*Source information:*
Lemma act_A0_rows d (rho : 'M[R]_2) t :
  act_diag rho (@A0 R d) t = Re (\prod_k row_c rho (t k)).
Proof.
under eq_bigr => k _ do rewrite row_c_sum.
rewrite bigA_distr_bigA raddf_sum; apply: eq_bigr => j _ /=.
rewrite big_split /= -rmorph_prod prodrXr -weight_sum Re_scale.
by rewrite A0_chebT /chebT mul1r.
Qed.

Lemma prod_geometric d (f : 'I_2 -> R[i]) (z c : R[i]) (t : midx 2 d) :
  (forall m, f m = z * c ^+ (val m == 1%N)) -> \prod_k f (t k) = z ^+ d * c ^+ weight t.
Proof.
move=> fE; rewrite (eq_bigr _ (fun k _ => fE (t k))) big_split /=.
by rewrite prodr_const card_ord prodrXr -weight_sum.
Qed.

Lemma orth2_rows (rho : 'M[R]_2) : orthogonal_mx rho ->
  unimodular (row_c rho ord0) /\
  (row_c rho ord_max = 'i%C * row_c rho ord0 \/ row_c rho ord_max = - 'i%C * row_c rho ord0).
Proof.
move=> orth_rho; have rows := orthogonal_rows orth_rho.
move: (rows ord0 ord0) (rows ord_max ord_max) (rows ord0 ord_max).
rewrite !sum_I2 /unimodular /sqnorm /row_c /= mulr1n mulr0n.
move: (rho ord0 ord0) (rho ord0 ord_max) (rho ord_max ord0) (rho ord_max ord_max) => a b c e.
move=> norm0 norm1 orth01; split; first lra.
pose l := a * e - b * c.
have cE : c = - l * b.
  transitivity (c * (a * a + b * b) - a * (a * c + b * e)).
    by rewrite norm0 orth01; ring.
  by rewrite /l; ring.
have eE : e = l * a.
  transitivity (e * (a * a + b * b) - b * (a * c + b * e)).
    by rewrite norm0 orth01; ring.
  by rewrite /l; ring.
have /eqP : l ^+ 2 = 1.
  transitivity (l ^+ 2 * (a * a + b * b)); first by rewrite norm0 mulr1.
  by rewrite -norm1 cE eE; ring.
rewrite sqrf_eq1 => /orP [] /eqP l_pm1; [left | right];
  by apply/eqP; rewrite eq_complex /= cE eE l_pm1; apply/andP; split; apply/eqP; ring.
Qed.

Lemma Re_conj (z : R[i]) : Re (conjc z) = Re z.
Proof. by case: z. Qed.

Lemma conjc_geometric (x : R[i]) m k :
  conjc (conjc x ^+ m * 'i%C ^+ k) = x ^+ m * (- 'i%C) ^+ k.
Proof.
have conj_i : conjc 'i%C = - 'i%C :> R[i] by apply/eqP; rewrite eq_complex /= oppr0 !eqxx.
by rewrite -[in RHS](conjcK x) -conj_i -!rmorphXn -rmorphM.
Qed.

Lemma act_orth_chebT d (rho : 'M[R]_2) : orthogonal_mx rho ->
  exists w, unimodular w /\ forall t, act_diag rho (@A0 R d) t = chebT d w t.
Proof.
set z := row_c rho ord0; move=> /orth2_rows [z1 [row1|row1]].
  exists (z ^+ d); split => [|t]; first exact: unimodularX.
  rewrite act_A0_rows (@prod_geometric _ _ z 'i%C) //.
  by apply: I2_ind; rewrite /= ?expr0 ?mulr1 // expr1 row1 mulrC.
exists (conjc z ^+ d); split => [|t]; first exact/unimodularX/unimodularJ.
rewrite act_A0_rows (@prod_geometric _ _ z (- 'i%C)); last first.
  by apply: I2_ind; rewrite /= ?expr0 ?mulr1 // expr1 row1 mulrC.
by rewrite /chebT -[RHS]Re_conj conjc_geometric.
Qed.

Definition rot (z : R[i]) : 'M[R]_2 :=
  \matrix_(m, k) let x := 'i%C ^+ val m * z in if k == ord0 then Re x else Im x.

Lemma row_c_rot (z : R[i]) m : row_c (rot z) m = z * 'i%C ^+ (val m == 1%N).
Proof. by rewrite /row_c !mxE /= mulrC; case: m => [[|[|//]] ?] /=; case: (z * _). Qed.

Lemma rot_orth (z : R[i]) : unimodular z -> orthogonal_mx (rot z).
Proof.
case: z => a b; rewrite /unimodular /sqnorm /= => z1.
apply/matrixP => r s; rewrite !mxE sum_I2 !mxE.
case: r => [[|[|//]] ?]; case: s => [[|[|//]] ?]; rewrite /= ?expr0 ?expr1 /=; lra.
Qed.

Lemma act_rot d (z : R[i]) t : act_diag (rot z) (@A0 R d) t = chebT d (z ^+ d) t.
Proof. by rewrite act_A0_rows (@prod_geometric _ _ z 'i%C) // => m; rewrite row_c_rot. Qed.

Lemma chebT_act d (w : R[i]) : (0 < d)%N -> unimodular w ->
  exists rho, orthogonal_mx rho /\ forall t, chebT d w t = act_diag rho (@A0 R d) t.
Proof.
move=> d_gt0 w1; have rootK : (d.-root w) ^+ d = w by rewrite rootCK.
exists (rot (d.-root w)); split => [|t]; last by rewrite act_rot rootK.
by apply/rot_orth/(unimodular_root d_gt0); rewrite rootK.
Qed.

Lemma A0_orbit d (A : tensor R 2 d) : (0 < d)%N ->
  (exists rho, orthogonal_mx rho /\ forall t, A t = act_diag rho (@A0 R d) t) <->
  (exists w, unimodular w /\ forall t, A t = chebT d w t).
Proof.
move=> d_gt0; split => [[rho [orth_rho Arho]] | [w [w1 Aw]]].
  have [w [w1 rhow]] := act_orth_chebT d orth_rho.
  by exists w; split => // t; rewrite Arho rhow.
have [rho [orth_rho wrho]] := chebT_act d_gt0 w1.
by exists rho; split => // t; rewrite Aw wrho.
Qed.

End ChebyshevTensors.

Arguments chebT {R} d w _.

Section Classification.
Variable R : rcfType.

(* Order 3: the slice relations force the entries p, q, -p, -q of weights
   0, 1, 2, 3 with p^2 + q^2 = 1, i.e. A = chebT 3 (p - i q). *)
Lemma classify_order3 (A : tensor R 2 3) :
  symmetric_tensor A -> @orthogonal_tensor_aux R 2 1 A ->
  exists w, unimodular w /\ forall t, A t = chebT 3 w t.
Proof.
move=> symA orthA; pose b0 : 'I_2 := ord0; pose b1 : 'I_2 := ord_max.
have by_weight t t' : weight t = weight t' -> A t = A t' := symmetric_weight symA.
have weight3 i r c :
    weight (idx3 i r c) = ((val i == 1%N) + ((val r == 1%N) + (val c == 1%N)))%N.
  by rewrite weight_ins weight_idx2.
pose p := A (idx3 b0 b0 b0); pose q := A (idx3 b0 b0 b1).
have r_eq : A (idx3 b0 b1 b1) = - p.
  rewrite /p (slice_anti symA orthA b0 (isT : b0 != b1)) opprK.
  by apply: by_weight; rewrite !weight3.
have s_eq : A (idx3 b1 b1 b1) = - q.
  by rewrite /q (slice_anti symA orthA b1 (isT : b0 != b1)) opprK.
have pq1 : p ^+ 2 + q ^+ 2 = 1.
  by have := slice_orth orthA b0 b0 b0; rewrite sum_I2 eqxx -!expr2.
exists (p -i* q); split => [|t]; first by rewrite /unimodular /sqnorm /= sqrrN.
have := weight_le t; case wt: (weight t) => [|[|[|[|//]]]] _.
- by rewrite (by_weight t (idx3 b0 b0 b0)) ?weight3 // -/p /chebT wt ?exprS ?expr0 /=; ring.
- by rewrite (by_weight t (idx3 b0 b0 b1)) ?weight3 // -/q /chebT wt ?exprS ?expr0 /=; ring.
- by rewrite (by_weight t (idx3 b0 b1 b1)) ?weight3 // r_eq /chebT wt ?exprS ?expr0 /=; ring.
- by rewrite (by_weight t (idx3 b1 b1 b1)) ?weight3 // s_eq /chebT wt ?exprS ?expr0 /=; ring.
Qed.

Lemma chebT_shift (w0 w1 : R[i]) :
  Re (w0 * 'i%C ^+ 1) = Re (w1 * 'i%C ^+ 0) ->
  Re (w0 * 'i%C ^+ 2) = Re (w1 * 'i%C ^+ 1) -> w1 = 'i%C * w0.
Proof.
case: w0 => a b; case: w1 => x y; rewrite expr2 expr1 expr0 mulr1 /= => eq0 eq1.
by apply/eqP; rewrite eq_complex /=; apply/andP; split; apply/eqP; lra.
Qed.

(* Every symmetric orthogonal tensor on R^2 of order d >= 3 is some chebT d w:
   its two slices are of this form by induction, and symmetry ties them. *)
Lemma classify_sym_orth d : forall A : tensor R 2 d.+3,
  symmetric_tensor A -> @orthogonal_tensor_aux R 2 d.+1 A ->
  exists w, unimodular w /\ forall t, A t = chebT d.+3 w t.
Proof.
elim: d => [|d IHd] A symA orthA; first exact: classify_order3.
have [w0 [w0_1 slice0]] :=
  IHd _ (symmetric_contract _ symA) (orthA ord0 _ (unit_basis R ord0)).
have [w1 [_ slice1]] :=
  IHd _ (symmetric_contract _ symA) (orthA ord0 _ (unit_basis R ord_max)).
have A0t t : A (ins_idx ord0 ord0 t) = chebT _ w0 t by rewrite -slice0 contract_basis.
have A1t t : A (ins_idx ord0 ord_max t) = chebT _ w1 t by rewrite -slice1 contract_basis.
have swap (t : midx 2 d.+2) :
    chebT _ w0 (ins_idx ord0 ord_max t) = chebT _ w1 (ins_idx ord0 ord0 t).
  by rewrite -A0t -A1t; apply: symmetric_weight symA _; rewrite !weight_ins.
have w1E : w1 = 'i%C * w0.
  have := swap [ffun=> ord0]; have := swap (ins_idx ord0 ord_max [ffun=> ord0]).
  rewrite /chebT !weight_ins !weight_zero => eq1 eq0.
  exact: chebT_shift.
exists w0; split => // t.
suff key m t' : A (ins_idx ord0 m t') = chebT _ w0 (ins_idx ord0 m t').
  by rewrite -(ins_tail t) key.
elim/I2_ind: m; first by rewrite A0t /chebT weight_ins.
by rewrite A1t w1E /chebT weight_ins /= add1n exprS -mulrA mulrCA.
Qed.

End Classification.

Theorem proposition1p6 (R : rcfType) (d : nat) (hd : (3 <= d)%N) :
  (forall (n : nat) (A : tensor R n d), (0 < n)%N ->
     symmetric_tensor A -> orthogonal_tensor A -> n = 1%N \/ n = 2%N) /\
  (forall A : tensor R 2 d,
     (symmetric_tensor A /\ orthogonal_tensor A) <->
     exists rho : 'M[R]_2, orthogonal_mx rho /\ (forall t, A t = act_diag rho (@A0 R d) t)).
Proof.
case: d hd => [|[|[|d]]] // _; split.
  move=> n A n_gt0 symA orthA; have := dim_bound n_gt0 symA orthA.
  by case: n {A symA orthA} n_gt0 => [|[|[|n]]] //; auto.
move=> A; rewrite A0_orbit //; split => [[symA orthA] | [w [w1 Aw]]].
  exact: classify_sym_orth.
split; first by move=> s t; rewrite !Aw chebT_sym.
by apply: orthogonal_aux_ext (chebT_orth _ w1) => t; rewrite Aw.
Qed.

*Action item:* Starting at the line above that contains "Lemma orth2_rows (rho", write out each line exactly until the line that contains "rewrite !sum_I2 /unimodular" has been written, and stop there.

*Answer:*
Lemma orth2_rows (rho : 'M[R]_2) : orthogonal_mx rho ->
  unimodular (row_c rho ord0) /\
  (row_c rho ord_max = 'i%C * row_c rho ord0 \/ row_c rho ord_max = - 'i%C * row_c rho ord0).
Proof.
move=> orth_rho; have rows := orthogonal_rows orth_rho.
move: (rows ord0 ord0) (rows ord_max ord_max) (rows ord0 ord_max).
rewrite !sum_I2 /unimodular /sqnorm /row_c /= mulr1n mulr0n.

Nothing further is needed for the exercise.